*** Block opens ***

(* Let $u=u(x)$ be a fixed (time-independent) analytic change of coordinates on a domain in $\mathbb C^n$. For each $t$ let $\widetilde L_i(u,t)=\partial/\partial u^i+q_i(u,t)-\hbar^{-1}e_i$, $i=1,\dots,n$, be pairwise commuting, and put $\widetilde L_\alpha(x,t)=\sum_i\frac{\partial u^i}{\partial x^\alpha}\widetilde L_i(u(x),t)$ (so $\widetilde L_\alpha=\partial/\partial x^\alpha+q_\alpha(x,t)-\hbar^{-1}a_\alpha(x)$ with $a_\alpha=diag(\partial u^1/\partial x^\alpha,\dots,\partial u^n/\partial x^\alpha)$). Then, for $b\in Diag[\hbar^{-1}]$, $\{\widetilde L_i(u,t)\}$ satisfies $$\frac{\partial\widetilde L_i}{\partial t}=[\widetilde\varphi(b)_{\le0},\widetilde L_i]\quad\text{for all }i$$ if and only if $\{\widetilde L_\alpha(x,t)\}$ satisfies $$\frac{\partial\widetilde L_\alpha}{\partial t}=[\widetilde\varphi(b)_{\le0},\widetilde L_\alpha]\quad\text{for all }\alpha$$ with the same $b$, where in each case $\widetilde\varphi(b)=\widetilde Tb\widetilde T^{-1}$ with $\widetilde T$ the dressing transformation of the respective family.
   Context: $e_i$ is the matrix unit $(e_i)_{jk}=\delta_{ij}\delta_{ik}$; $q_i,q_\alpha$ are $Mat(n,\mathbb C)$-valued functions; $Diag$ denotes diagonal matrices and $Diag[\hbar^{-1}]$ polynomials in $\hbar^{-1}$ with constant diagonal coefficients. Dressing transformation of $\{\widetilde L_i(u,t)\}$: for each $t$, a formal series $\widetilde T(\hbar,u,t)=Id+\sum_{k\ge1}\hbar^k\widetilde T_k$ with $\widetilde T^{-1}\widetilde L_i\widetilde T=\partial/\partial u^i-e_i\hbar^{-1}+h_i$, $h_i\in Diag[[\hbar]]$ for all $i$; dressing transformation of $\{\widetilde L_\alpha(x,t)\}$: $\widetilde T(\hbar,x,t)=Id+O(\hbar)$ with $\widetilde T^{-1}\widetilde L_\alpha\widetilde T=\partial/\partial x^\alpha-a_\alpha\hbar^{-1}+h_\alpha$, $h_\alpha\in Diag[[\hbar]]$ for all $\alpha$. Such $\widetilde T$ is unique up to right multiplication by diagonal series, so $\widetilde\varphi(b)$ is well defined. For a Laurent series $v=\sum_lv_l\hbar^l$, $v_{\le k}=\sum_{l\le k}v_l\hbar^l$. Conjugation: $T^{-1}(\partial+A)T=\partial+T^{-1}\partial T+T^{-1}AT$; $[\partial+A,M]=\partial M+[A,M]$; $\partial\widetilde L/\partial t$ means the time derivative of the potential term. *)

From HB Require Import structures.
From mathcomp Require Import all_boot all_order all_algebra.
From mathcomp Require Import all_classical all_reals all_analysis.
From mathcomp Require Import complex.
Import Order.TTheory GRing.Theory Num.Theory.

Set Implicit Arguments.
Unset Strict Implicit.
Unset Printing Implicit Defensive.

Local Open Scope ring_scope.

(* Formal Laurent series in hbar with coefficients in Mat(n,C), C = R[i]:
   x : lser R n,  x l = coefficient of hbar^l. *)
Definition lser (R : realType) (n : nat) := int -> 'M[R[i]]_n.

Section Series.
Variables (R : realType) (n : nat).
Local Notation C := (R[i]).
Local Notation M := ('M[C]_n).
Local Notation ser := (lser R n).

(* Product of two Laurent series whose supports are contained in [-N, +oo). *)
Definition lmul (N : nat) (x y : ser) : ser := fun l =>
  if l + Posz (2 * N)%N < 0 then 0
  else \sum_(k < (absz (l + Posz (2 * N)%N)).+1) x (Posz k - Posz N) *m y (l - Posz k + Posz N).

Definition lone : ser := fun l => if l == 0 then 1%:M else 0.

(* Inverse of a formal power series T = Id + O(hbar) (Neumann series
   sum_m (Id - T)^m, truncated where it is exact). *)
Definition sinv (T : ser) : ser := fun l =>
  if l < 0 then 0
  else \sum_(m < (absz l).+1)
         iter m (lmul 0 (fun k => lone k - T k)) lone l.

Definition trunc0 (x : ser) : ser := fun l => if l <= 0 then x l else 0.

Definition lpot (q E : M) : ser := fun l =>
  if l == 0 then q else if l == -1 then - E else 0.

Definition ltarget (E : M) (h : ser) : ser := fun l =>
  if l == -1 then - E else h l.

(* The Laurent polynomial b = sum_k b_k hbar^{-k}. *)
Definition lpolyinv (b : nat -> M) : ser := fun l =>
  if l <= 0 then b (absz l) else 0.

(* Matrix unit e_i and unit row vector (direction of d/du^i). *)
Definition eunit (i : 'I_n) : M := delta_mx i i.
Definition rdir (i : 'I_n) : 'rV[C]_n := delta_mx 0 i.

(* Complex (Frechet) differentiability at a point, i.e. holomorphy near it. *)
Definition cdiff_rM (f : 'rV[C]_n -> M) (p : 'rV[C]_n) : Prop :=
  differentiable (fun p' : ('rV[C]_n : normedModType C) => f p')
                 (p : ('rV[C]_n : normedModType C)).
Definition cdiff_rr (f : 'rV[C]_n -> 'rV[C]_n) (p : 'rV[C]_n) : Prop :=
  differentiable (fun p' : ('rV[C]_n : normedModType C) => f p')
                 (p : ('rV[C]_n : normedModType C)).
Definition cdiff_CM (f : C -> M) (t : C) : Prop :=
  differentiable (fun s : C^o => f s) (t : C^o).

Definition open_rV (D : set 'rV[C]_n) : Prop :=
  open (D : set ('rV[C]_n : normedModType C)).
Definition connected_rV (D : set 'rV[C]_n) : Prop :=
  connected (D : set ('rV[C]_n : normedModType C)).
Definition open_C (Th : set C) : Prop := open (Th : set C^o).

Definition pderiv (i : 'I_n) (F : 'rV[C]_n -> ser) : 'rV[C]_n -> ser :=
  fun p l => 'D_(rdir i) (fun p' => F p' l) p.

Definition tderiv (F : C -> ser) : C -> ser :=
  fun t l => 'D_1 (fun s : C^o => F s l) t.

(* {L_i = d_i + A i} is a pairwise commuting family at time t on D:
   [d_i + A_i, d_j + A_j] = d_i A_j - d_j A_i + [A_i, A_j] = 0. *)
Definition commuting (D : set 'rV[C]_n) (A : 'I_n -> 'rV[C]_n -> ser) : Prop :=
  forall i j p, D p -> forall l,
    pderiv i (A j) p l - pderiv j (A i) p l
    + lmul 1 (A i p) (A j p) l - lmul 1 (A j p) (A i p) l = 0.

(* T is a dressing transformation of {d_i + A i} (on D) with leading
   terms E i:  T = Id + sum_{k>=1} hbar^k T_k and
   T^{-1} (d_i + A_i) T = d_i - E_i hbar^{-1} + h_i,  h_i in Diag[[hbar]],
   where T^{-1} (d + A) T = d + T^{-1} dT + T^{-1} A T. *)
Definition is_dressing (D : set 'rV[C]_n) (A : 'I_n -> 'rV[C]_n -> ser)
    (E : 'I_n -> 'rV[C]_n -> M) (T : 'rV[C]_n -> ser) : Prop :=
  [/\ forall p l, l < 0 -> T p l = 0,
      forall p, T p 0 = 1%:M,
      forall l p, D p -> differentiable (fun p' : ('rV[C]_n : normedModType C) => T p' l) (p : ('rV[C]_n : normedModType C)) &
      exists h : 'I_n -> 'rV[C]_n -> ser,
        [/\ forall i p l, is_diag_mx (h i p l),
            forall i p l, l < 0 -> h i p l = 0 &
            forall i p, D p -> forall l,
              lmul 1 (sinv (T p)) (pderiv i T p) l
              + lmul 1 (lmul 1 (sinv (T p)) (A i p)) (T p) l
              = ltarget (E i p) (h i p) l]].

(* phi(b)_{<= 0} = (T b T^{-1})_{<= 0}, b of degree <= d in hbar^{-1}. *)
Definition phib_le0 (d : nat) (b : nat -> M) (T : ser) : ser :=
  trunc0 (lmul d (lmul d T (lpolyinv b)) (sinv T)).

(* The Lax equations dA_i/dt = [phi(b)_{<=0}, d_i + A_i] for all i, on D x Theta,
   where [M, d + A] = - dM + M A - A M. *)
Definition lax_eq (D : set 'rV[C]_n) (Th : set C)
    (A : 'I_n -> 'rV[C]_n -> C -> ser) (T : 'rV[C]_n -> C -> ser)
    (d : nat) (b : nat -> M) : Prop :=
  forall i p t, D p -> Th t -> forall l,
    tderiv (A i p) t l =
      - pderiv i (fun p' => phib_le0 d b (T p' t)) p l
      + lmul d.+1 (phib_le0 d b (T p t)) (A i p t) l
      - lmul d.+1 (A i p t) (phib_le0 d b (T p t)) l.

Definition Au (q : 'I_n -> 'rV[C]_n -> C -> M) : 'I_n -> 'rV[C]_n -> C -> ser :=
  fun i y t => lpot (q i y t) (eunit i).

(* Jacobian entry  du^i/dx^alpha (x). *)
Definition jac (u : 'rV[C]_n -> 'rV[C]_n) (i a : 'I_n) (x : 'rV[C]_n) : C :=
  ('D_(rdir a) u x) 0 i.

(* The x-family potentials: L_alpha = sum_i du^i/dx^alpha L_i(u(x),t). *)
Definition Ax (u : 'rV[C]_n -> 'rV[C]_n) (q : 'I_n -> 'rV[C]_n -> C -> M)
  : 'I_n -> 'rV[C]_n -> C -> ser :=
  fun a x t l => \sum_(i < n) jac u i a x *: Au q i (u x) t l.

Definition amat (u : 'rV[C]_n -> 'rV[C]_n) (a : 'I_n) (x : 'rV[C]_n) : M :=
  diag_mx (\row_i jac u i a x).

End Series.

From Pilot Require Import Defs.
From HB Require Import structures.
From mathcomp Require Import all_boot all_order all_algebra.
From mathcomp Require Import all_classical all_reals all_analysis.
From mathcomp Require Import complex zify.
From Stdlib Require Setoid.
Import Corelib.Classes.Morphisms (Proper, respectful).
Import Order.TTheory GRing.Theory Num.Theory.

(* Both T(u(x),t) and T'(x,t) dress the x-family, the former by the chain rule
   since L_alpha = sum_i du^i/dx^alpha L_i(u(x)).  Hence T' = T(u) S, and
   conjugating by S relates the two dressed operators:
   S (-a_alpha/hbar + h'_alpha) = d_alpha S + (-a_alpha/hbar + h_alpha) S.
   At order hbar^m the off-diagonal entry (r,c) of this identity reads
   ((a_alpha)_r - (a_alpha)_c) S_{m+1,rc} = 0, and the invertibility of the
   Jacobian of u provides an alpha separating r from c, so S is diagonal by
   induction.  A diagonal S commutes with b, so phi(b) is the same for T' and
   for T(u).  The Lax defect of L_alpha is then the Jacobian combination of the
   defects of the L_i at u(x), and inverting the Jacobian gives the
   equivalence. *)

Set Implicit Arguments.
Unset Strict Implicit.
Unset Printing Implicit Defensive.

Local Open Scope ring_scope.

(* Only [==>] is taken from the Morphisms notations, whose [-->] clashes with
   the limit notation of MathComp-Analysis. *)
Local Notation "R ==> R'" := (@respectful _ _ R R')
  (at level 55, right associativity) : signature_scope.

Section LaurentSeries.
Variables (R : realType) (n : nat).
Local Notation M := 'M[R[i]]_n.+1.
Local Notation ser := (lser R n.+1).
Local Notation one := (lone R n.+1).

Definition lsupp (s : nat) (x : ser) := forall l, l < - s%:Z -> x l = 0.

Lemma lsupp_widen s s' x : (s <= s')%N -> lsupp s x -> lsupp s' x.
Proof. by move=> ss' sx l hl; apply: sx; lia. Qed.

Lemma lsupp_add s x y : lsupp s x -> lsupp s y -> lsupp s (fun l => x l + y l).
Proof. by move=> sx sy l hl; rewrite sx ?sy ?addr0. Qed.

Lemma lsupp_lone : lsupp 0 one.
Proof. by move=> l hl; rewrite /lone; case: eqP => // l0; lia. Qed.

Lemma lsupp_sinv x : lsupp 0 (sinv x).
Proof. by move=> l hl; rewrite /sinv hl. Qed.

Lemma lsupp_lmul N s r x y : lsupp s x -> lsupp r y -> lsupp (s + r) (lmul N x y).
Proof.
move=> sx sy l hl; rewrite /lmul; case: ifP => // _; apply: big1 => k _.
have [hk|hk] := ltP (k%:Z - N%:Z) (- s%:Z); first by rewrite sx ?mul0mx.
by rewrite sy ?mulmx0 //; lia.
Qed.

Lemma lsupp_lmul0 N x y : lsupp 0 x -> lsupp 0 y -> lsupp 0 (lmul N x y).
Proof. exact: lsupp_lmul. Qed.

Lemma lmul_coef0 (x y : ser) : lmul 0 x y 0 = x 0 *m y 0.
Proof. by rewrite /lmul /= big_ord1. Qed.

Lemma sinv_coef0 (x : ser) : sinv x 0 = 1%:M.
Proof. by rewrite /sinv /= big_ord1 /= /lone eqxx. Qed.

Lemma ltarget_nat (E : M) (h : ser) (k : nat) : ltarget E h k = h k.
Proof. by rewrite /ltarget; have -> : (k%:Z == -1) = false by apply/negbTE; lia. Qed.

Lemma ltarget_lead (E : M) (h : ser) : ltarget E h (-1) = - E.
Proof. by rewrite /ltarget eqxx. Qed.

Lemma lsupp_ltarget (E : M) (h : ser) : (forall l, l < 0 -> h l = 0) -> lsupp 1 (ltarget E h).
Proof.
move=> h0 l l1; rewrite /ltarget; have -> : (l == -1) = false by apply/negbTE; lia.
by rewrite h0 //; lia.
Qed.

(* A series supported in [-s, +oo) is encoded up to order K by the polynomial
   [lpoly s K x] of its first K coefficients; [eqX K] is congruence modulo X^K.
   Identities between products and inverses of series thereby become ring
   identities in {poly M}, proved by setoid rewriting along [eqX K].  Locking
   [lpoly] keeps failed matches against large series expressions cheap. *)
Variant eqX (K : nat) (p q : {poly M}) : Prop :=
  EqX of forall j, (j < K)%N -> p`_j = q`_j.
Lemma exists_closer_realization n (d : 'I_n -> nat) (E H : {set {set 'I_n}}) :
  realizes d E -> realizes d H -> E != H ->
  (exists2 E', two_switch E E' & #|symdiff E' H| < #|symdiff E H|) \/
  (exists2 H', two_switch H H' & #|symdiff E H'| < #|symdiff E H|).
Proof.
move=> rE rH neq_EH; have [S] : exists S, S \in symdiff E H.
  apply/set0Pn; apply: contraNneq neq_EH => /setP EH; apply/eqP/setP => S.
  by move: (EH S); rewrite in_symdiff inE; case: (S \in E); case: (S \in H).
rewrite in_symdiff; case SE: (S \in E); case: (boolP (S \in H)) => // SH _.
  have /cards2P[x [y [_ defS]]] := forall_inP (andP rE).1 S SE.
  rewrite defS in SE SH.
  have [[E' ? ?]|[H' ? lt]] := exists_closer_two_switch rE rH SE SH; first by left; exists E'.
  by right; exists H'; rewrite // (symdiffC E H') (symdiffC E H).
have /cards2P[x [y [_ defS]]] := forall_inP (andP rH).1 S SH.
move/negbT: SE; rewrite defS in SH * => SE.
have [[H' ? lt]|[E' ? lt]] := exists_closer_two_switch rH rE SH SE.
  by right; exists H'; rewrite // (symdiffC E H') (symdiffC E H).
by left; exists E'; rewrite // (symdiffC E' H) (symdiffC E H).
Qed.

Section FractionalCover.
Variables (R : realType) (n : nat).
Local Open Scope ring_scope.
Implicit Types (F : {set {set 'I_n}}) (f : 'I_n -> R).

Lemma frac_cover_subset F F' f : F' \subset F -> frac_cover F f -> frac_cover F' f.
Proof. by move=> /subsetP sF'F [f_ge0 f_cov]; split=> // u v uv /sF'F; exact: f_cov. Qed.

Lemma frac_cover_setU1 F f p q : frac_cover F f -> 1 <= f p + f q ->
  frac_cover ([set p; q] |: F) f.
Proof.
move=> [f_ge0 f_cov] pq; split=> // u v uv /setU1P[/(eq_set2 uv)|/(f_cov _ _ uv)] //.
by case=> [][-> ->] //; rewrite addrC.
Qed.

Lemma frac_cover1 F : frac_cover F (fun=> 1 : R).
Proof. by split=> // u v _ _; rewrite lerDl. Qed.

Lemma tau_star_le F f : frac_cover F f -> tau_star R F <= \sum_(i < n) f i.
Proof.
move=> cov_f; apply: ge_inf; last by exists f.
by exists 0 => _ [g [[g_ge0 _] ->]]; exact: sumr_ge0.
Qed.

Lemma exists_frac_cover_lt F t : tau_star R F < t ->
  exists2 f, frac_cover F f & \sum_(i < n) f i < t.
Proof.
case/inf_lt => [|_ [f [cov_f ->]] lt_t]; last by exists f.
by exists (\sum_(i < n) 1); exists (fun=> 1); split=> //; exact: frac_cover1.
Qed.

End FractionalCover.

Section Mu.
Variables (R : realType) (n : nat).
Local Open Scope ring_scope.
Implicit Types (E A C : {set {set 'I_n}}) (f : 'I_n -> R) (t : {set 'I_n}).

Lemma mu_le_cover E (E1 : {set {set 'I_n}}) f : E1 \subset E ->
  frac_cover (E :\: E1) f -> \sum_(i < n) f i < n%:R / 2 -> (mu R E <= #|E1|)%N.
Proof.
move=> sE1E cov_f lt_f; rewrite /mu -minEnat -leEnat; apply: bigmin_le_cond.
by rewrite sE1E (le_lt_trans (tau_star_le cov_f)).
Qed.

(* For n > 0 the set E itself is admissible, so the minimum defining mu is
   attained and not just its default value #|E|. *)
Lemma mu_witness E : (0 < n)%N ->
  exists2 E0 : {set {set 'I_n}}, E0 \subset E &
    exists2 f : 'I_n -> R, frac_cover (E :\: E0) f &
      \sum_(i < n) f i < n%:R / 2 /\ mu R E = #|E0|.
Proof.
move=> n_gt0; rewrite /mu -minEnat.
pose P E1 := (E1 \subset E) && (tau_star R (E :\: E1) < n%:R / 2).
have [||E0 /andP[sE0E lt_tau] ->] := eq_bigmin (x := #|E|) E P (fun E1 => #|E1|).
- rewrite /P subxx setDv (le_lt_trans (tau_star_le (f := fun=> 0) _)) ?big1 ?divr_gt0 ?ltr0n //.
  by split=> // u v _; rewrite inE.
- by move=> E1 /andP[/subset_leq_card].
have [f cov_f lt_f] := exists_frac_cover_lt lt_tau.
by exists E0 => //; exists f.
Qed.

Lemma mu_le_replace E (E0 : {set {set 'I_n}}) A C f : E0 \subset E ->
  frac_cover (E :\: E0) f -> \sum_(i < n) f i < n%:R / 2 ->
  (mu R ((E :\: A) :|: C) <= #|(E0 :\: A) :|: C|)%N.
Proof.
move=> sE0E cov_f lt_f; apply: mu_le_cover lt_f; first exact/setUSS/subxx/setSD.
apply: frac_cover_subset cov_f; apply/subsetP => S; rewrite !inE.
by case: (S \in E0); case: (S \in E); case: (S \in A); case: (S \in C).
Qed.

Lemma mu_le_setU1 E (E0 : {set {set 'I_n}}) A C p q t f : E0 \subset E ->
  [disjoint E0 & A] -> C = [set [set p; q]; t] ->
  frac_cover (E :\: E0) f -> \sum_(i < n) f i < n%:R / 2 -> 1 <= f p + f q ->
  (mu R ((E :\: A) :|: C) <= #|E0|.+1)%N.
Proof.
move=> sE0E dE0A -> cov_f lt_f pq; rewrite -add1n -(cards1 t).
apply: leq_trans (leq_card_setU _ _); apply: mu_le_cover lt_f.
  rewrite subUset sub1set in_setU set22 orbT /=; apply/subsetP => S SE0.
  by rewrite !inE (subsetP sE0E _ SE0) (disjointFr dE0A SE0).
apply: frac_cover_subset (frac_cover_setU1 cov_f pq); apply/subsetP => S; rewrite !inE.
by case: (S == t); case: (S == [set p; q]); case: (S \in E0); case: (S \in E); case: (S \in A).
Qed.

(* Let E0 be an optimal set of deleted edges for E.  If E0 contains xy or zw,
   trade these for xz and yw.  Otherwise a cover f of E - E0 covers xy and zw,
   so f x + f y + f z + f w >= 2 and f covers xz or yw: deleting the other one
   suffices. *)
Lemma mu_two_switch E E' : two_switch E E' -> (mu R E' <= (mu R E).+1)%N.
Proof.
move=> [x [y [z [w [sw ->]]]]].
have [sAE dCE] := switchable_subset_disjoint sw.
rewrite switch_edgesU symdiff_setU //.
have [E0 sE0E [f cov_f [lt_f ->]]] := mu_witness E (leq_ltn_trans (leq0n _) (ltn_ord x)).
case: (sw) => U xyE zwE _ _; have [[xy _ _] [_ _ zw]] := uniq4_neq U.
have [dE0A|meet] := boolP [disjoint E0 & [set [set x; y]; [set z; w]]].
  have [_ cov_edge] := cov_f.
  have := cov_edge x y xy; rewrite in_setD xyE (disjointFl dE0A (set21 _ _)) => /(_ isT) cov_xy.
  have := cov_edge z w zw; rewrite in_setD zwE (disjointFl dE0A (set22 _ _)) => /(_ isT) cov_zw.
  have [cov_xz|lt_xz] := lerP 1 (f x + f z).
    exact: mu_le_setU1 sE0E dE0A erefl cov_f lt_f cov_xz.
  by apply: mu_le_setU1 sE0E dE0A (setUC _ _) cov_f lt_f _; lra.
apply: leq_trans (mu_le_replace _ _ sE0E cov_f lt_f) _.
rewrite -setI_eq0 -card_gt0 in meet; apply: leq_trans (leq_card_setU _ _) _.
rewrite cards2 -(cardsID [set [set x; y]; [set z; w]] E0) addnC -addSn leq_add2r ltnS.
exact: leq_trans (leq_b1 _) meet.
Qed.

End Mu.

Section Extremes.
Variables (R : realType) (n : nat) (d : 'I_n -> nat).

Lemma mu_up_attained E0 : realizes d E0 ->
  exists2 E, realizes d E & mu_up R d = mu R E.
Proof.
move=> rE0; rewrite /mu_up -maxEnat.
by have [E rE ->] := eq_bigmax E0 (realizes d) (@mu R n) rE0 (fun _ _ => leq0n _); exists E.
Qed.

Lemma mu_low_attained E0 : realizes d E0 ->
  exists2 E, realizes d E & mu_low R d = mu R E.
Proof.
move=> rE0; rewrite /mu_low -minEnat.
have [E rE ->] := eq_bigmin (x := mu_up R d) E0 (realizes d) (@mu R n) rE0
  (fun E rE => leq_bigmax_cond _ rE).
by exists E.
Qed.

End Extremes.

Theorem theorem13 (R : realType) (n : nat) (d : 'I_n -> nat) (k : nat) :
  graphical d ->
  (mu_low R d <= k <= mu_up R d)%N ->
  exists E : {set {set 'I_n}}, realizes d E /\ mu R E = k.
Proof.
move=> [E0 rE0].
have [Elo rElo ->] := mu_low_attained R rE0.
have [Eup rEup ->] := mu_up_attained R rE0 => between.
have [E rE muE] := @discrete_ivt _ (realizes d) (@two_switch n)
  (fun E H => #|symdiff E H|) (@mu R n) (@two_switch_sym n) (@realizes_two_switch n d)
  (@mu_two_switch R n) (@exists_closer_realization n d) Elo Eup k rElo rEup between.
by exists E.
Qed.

*** Block closes ***

Restate word for word only the lines above from the line containing "apply: frac_cover_subset (frac_cover_setU1" to the line containing "End Extremes.", both of them included.

**TASK OUTPUT:**
apply: frac_cover_subset (frac_cover_setU1 cov_f pq); apply/subsetP => S; rewrite !inE.
by case: (S == t); case: (S == [set p; q]); case: (S \in E0); case: (S \in E); case: (S \in A).
Qed.

(* Let E0 be an optimal set of deleted edges for E.  If E0 contains xy or zw,
   trade these for xz and yw.  Otherwise a cover f of E - E0 covers xy and zw,
   so f x + f y + f z + f w >= 2 and f covers xz or yw: deleting the other one
   suffices. *)
Lemma mu_two_switch E E' : two_switch E E' -> (mu R E' <= (mu R E).+1)%N.
Proof.
move=> [x [y [z [w [sw ->]]]]].
have [sAE dCE] := switchable_subset_disjoint sw.
rewrite switch_edgesU symdiff_setU //.
have [E0 sE0E [f cov_f [lt_f ->]]] := mu_witness E (leq_ltn_trans (leq0n _) (ltn_ord x)).
case: (sw) => U xyE zwE _ _; have [[xy _ _] [_ _ zw]] := uniq4_neq U.
have [dE0A|meet] := boolP [disjoint E0 & [set [set x; y]; [set z; w]]].
  have [_ cov_edge] := cov_f.
  have := cov_edge x y xy; rewrite in_setD xyE (disjointFl dE0A (set21 _ _)) => /(_ isT) cov_xy.
  have := cov_edge z w zw; rewrite in_setD zwE (disjointFl dE0A (set22 _ _)) => /(_ isT) cov_zw.
  have [cov_xz|lt_xz] := lerP 1 (f x + f z).
    exact: mu_le_setU1 sE0E dE0A erefl cov_f lt_f cov_xz.
  by apply: mu_le_setU1 sE0E dE0A (setUC _ _) cov_f lt_f _; lra.
apply: leq_trans (mu_le_replace _ _ sE0E cov_f lt_f) _.
rewrite -setI_eq0 -card_gt0 in meet; apply: leq_trans (leq_card_setU _ _) _.
rewrite cards2 -(cardsID [set [set x; y]; [set z; w]] E0) addnC -addSn leq_add2r ltnS.
exact: leq_trans (leq_b1 _) meet.
Qed.

End Mu.

Section Extremes.
Variables (R : realType) (n : nat) (d : 'I_n -> nat).

Lemma mu_up_attained E0 : realizes d E0 ->
  exists2 E, realizes d E & mu_up R d = mu R E.
Proof.
move=> rE0; rewrite /mu_up -maxEnat.
by have [E rE ->] := eq_bigmax E0 (realizes d) (@mu R n) rE0 (fun _ _ => leq0n _); exists E.
Qed.

Lemma mu_low_attained E0 : realizes d E0 ->
  exists2 E, realizes d E & mu_low R d = mu R E.
Proof.
move=> rE0; rewrite /mu_low -minEnat.
have [E rE ->] := eq_bigmin (x := mu_up R d) E0 (realizes d) (@mu R n) rE0
  (fun E rE => leq_bigmax_cond _ rE).
by exists E.
Qed.

End Extremes.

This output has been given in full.